Lemma chi_neq1 (k : nat) : (0 < k < N)%N -> chi k%:Z != 1.
Proof.
move=> /andP[k_gt0 k_ltN].
have N_gt0 : (0 : R) < N%:R by rewrite ltr0n (leq_trans _ N_ge2).
set x : R := 2 * pi * (k%:Z)%:~R / N%:R.
have x_gt0 : 0 < x by rewrite /x divr_gt0 // !mulr_gt0 ?pi_gt0 ?ltr0n.
have x_lt2pi : x < pi *+ 2.
  rewrite /x ltr_pdivrMr // -(mulr_natl pi 2) -[k%:Z%:~R]/(k%:R).
  by rewrite ltr_pM2l ?ltr_nat // mulr_gt0 ?pi_gt0.
rewrite /chi -/x; apply/negP => /eqP [] cos_x sin_x.
case: (ltgtP x pi) => [x_ltpi | pi_ltx | x_pi].
- by have := sin_gt0_pi (introT andP (conj x_gt0 x_ltpi)); rewrite sin_x ltxx.
- have : 0 < sin (x - pi).
    by apply: sin_gt0_pi; rewrite subr_gt0 pi_ltx ltrBlDr -mulr2n.
  by rewrite sinB sin_x cos_x sinpi cospi; lra.
- by move: cos_x; rewrite x_pi cospi => /eqP; lra.
Qed.

End Chi.

Section CharactersZNd.
Variables (R : realType) (N d : nat).
Hypothesis N_ge2 : (2 <= N)%N.
Local Notation G := (ZNd N d).

Lemma chi_mulZpDl (a b : 'Z_N) (c : nat) :
  chi R N ((a + b)%R * c)%N%:Z = chi R N (a * c)%N%:Z * chi R N (b * c)%N%:Z.
Proof.
have -> : nat_of_ord (a + b)%R = ((a + b) %% N)%N
  by congr (_ %% _)%N; exact: Zp_cast.
rewrite -chiD -PoszD -mulnDl {2}(divn_eq (a + b) N).
by rewrite mulnDl PoszD (mulnC _ N) -mulnA addrC chi_periodic.
Qed.

Definition charZ (x m : G) : R[i] := chi R N (dotZ x m).

Lemma charZE x m : charZ x m = \prod_i chi R N (x i * m i)%N%:Z.
Proof. exact: chi_sum. Qed.

Lemma charZC x m : charZ x m = charZ m x.
Proof. by rewrite !charZE; apply: eq_bigr => i _; rewrite mulnC. Qed.

Lemma charZDl x y m : charZ (x + y) m = charZ x m * charZ y m.
Proof.
by rewrite !charZE -big_split; apply: eq_bigr => i _; rewrite ffunE chi_mulZpDl.
Qed.

Lemma charZ0l m : charZ 0 m = 1.
Proof. by rewrite charZE big1 // => i _; rewrite ffunE mul0n chi0. Qed.

Lemma conjcharZ_mul x y m : (charZ x m)^*%C * charZ y m = (charZ (x - y) m)^*%C.
Proof.
have -> : charZ x m = charZ (x - y) m * charZ y m by rewrite -charZDl subrK.
rewrite rmorphM -mulrA.
have -> : (charZ y m)^*%C * charZ y m = 1 by rewrite /charZ -chiN -chiD addNr chi0.
by rewrite mulr1.
Qed.

Lemma card_ZNd : #|G| = (N ^ d)%N.
Proof. by rewrite card_ffun !card_ord Zp_cast. Qed.

Lemma sum_charZ z : \sum_m charZ z m = if z == 0 then (N ^ d)%:R else 0.
Proof.
have [->|z_neq0] := eqVneq z 0.
  by rewrite (eq_bigr (fun _ => 1)) => [|m _]; rewrite ?charZ0l // sumr_const card_ZNd.
have [i zi_neq0] : exists i, z i != 0.
  apply/existsP; apply: contraR z_neq0 => /existsPn zi0.
  by apply/eqP/ffunP => i; rewrite ffunE; apply/eqP/negPn.
pose e : G := [ffun j => (j == i)%:R].
have charZ_e : charZ z e != 1.
  rewrite charZE (bigD1 i) //= big1 => [|j ji]; last first.
    by rewrite ffunE (negbTE ji) muln0 chi0.
  rewrite mulr1 ffunE eqxx /= modn_small // muln1; apply: chi_neq1 => //.
  rewrite lt0n -[N in (_ < N)%N](Zp_cast N_ge2) ltn_ord andbT.
  by apply: contra zi_neq0 => /eqP zi0; apply/eqP/val_inj.
(* The sum is invariant under translating m by e, which multiplies it by charZ z e. *)
set S := \sum_m charZ z m.
have S_inv : S = S * charZ z e.
  rewrite {1}/S (reindex_inj (addIr e)) mulr_suml; apply: eq_bigr => m _.
  by rewrite charZC charZDl !(charZC z).
apply/eqP; move: charZ_e; apply: contraNT => S_neq0.
by rewrite -(inj_eq (mulfI S_neq0)) mulr1 -S_inv.
Qed.

End CharactersZNd.

Section Fourier.
Variables (R : realType) (N d : nat).
Hypothesis N_ge2 : (2 <= N)%N.
Local Notation G := (ZNd N d).
Local Notation c := ((N%:R : R[i]) ^- d).

Lemma fourierE (f : G -> R[i]) m : fourier f m = c * \sum_x (charZ R x m)^*%C * f x.
Proof. by congr (_ * _); apply: eq_bigr => x _; rewrite chiN. Qed.

Lemma fourier_cst1 z : fourier (fun _ : G => 1 : R[i]) z = (z == 0)%:R.
Proof.
rewrite fourierE (eq_bigr (fun m => (charZ R z m)^*%C)) => [|m _]; last first.
  by rewrite mulr1 charZC.
rewrite -rmorph_sum sum_charZ //; case: eqP => _; last by rewrite rmorph0 mulr0.
have N_neq0 : (N%:R : R[i]) != 0 by rewrite pnatr_eq0 -lt0n (leq_trans _ N_ge2).
by rewrite rmorph_nat natrX mulVf // expf_neq0.
Qed.

Lemma conj_fourier (f : G -> R[i]) m :
  (fourier f m)^*%C = c * \sum_x charZ R x m * (f x)^*%C.
Proof.
rewrite fourierE rmorphM rmorph_sum; congr (_ * _).
  by rewrite fmorphV rmorphXn rmorph_nat.
by apply: eq_bigr => x _; rewrite rmorphM; congr (_ * _); apply: conjcK.
Qed.

Lemma sum_weighted_sqr_fourier (f g : G -> R[i]) :
  \sum_m g m * `|fourier f m| ^+ 2 =
  c * \sum_x \sum_y f x * (f y)^*%C * fourier g (x - y).
Proof.
transitivity (\sum_m \sum_x \sum_y
    c * c * (g m * ((charZ R x m)^*%C * f x) * (charZ R y m * (f y)^*%C))).
  apply: eq_bigr => m _; rewrite sqr_normc conj_fourier fourierE.
  transitivity (c * c * g m * ((\sum_x (charZ R x m)^*%C * f x) *
                               (\sum_y charZ R y m * (f y)^*%C))); first by ring.
  rewrite big_distrlr /= mulr_sumr; apply: eq_bigr => x _.
  by rewrite mulr_sumr; apply: eq_bigr => y _; ring.
rewrite exchange_big mulr_sumr; apply: eq_bigr => x _.
rewrite exchange_big mulr_sumr; apply: eq_bigr => y _.
rewrite fourierE !mulrA mulr_sumr; apply: eq_bigr => m _.
rewrite (charZC _ m) -(conjcharZ_mul _ N_ge2); ring.
Qed.

Lemma parseval (f : G -> R[i]) : \sum_m `|fourier f m| ^+ 2 = c * \sum_x `|f x| ^+ 2.
Proof.
have := sum_weighted_sqr_fourier f (fun _ => 1).
under eq_bigr do rewrite mul1r; move=> ->; congr (_ * _).
apply: eq_bigr => x _; rewrite (bigD1 x) //= subrr fourier_cst1 eqxx mulr1 sqr_normc.
rewrite big1 ?addr0 // => y y_neq_x.
by rewrite fourier_cst1 subr_eq0 eq_sym (negbTE y_neq_x) mulr0.
Qed.

Lemma fourier_indic0 (S : {set G}) : fourier (indic R S) 0 = c * #|S|%:R.
Proof.
rewrite fourierE; congr (_ * _).
rewrite (eq_bigr (indic R S)) => [|x _]; last by rewrite charZC charZ0l conjc1 mul1r.
by rewrite /indic -big_mkcond sumr_const.
Qed.

End Fourier.

Lemma cmodE (R : realType) (z : R[i]) : (cmod z)%:C = `|z|.
Proof. by rewrite normc_def. Qed.

Section SalemEnergy.
Variables (R : realType) (N d : nat).
Hypothesis N_ge2 : (2 <= N)%N.
Local Notation G := (ZNd N d).
Local Notation c := ((N%:R : R[i]) ^- d).

Lemma salem_level_ge0 (S : {set G}) (Lambda : R) :
  (0 < d)%N -> S != finset.set0 -> salem S Lambda -> 0 <= Lambda.
Proof.
move=> d_gt0 S_neq0 S_salem.
pose e : G := [ffun _ => 1].
have e_neq0 : e != 0.
  apply/eqP => /ffunP /(_ (Ordinal d_gt0)); rewrite !ffunE => /eqP.
  by rewrite -val_eqE /= modn_small.
have := le_trans (sqrtr_ge0 _) (S_salem e e_neq0).
rewrite pmulr_lge0 ?sqrtr_gt0 ?ltr0n ?card_gt0 // pmulr_lge0 //.
by rewrite invr_gt0 exprn_gt0 // ltr0n (leq_trans _ N_ge2).
Qed.

Lemma norm_sum_offdiag_le (f h : G -> R[i]) (K : R) : 0 <= K ->
  (forall z, z != 0 -> `|h z| <= K%:C) ->
  `|\sum_x \sum_(y | y != x) f x * (f y)^*%C * h (x - y)|
    <= K%:C * (\sum_x `|f x|) ^+ 2.
Proof.
move=> K_ge0 h_le.
rewrite expr2 mulr_suml mulr_sumr; apply: le_trans (ler_norm_sum _ _ _) _.
apply: ler_sum => x _; rewrite mulrA mulr_sumr.
apply: le_trans (ler_norm_sum _ _ _) _.
rewrite [X in _ <= X](bigD1 x) //=; apply: ler_wpDl; first by rewrite !mulr_ge0 // ler0c.
apply: ler_sum => y y_neq_x; rewrite !normrM normcJ -[K%:C * _ * _]mulrA [K%:C * _]mulrC.
by rewrite ler_wpM2l ?mulr_ge0 // h_le // subr_eq0 eq_sym.
Qed.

• [What needs to be done]
Extract, please, the lines from the start of the entries above through the one with "have x_lt2pi : x < pi *+ 2.", both included, reproducing each exactly and adding nothing.

• [Written response]
Lemma chi_neq1 (k : nat) : (0 < k < N)%N -> chi k%:Z != 1.
Proof.
move=> /andP[k_gt0 k_ltN].
have N_gt0 : (0 : R) < N%:R by rewrite ltr0n (leq_trans _ N_ge2).
set x : R := 2 * pi * (k%:Z)%:~R / N%:R.
have x_gt0 : 0 < x by rewrite /x divr_gt0 // !mulr_gt0 ?pi_gt0 ?ltr0n.
have x_lt2pi : x < pi *+ 2.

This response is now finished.